DESCRIPTION OF THE TASK =>
Each line of the records below that holds "pose" should be returned.

Stored items =>
▬▬▬▬▬▬

(* Conjugating by the unitary [P], the quadratic form becomes [\sum_j d_j |w_j|^2]. *)
Lemma spectral_rayleigh_le l : (forall j, complex.Re (d 0 j) <= l) ->
  forall z : 'rV[R]_N, (z *m M *m z^T) 0 0 <= l * (z *m z^T) 0 0.
Proof.
move=> d_le z; rewrite -lecR.
pose Z := map_mx toC z.
have ZT : Z^T = (Z ^t* )%sesqui by apply/matrixP => i j; rewrite !mxE conj_real_complex.
have ZAZ : toC ((z *m M *m z^T) 0 0) = (Z *m A *m Z^T) 0 0.
  by rewrite [in RHS]/Z map_trmx -!map_mxM [RHS]mxE.
have ZZ : toC ((z *m z^T) 0 0) = (Z *m Z^T) 0 0.
  by rewrite [in RHS]/Z map_trmx -!map_mxM [RHS]mxE.
pose W := Z *m (P ^t* )%sesqui.
have WT : (W ^t* )%sesqui = P *m (Z ^t* )%sesqui by rewrite /W trmx_mul map_mxM trmxCK.
have ZAZ_W : Z *m A *m Z^T = W *m diag_mx d *m (W ^t* )%sesqui.
  by rewrite ZT WT [X in Z *m X]A_spectral invmx_unitary // /W !mulmxA.
have ZZ_W : Z *m Z^T = W *m (W ^t* )%sesqui.
  rewrite ZT WT /W -mulmxA (mulmxA _ P).
  by rewrite -invmx_unitary // mulVmx ?mul1mx // unitarymx_unit.
rewrite rmorphM /= ZAZ ZZ ZAZ_W ZZ_W mul_mx_diag; clearbody W.
rewrite -subr_ge0 !mxE mulr_sumr -sumrB sumr_ge0 // => j _.
rewrite !mxE (mulrC (W 0 j) (d 0 j)) -mulrA -mulrBl mulr_ge0 ?mul_conjC_ge0 //.
by rewrite spectral_diag_realE -rmorphB /= -[0]/(toC 0) lecR subr_ge0.
Qed.

Lemma sym_mx_max_eigenvalue : (0 < N)%N ->
  exists l, eigenvalue M l /\
    forall z : 'rV[R]_N, (z *m M *m z^T) 0 0 <= l * (z *m z^T) 0 0.
Proof.
move=> N_gt0; pose j0 := [arg max_(j > Ordinal N_gt0) complex.Re (d 0 j)]%O.
exists (complex.Re (d 0 j0)); split; first exact: eigenvalue_spectral_diag.
apply: spectral_rayleigh_le => j; rewrite /j0.
by case: arg_maxP => // i _; apply.
Qed.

▬▬▬▬▬▬

RESPONSE =>
pose Z := map_mx toC z.
pose W := Z *m (P ^t* )%sesqui.
move=> N_gt0; pose j0 := [arg max_(j > Ordinal N_gt0) complex.Re (d 0 j)]%O.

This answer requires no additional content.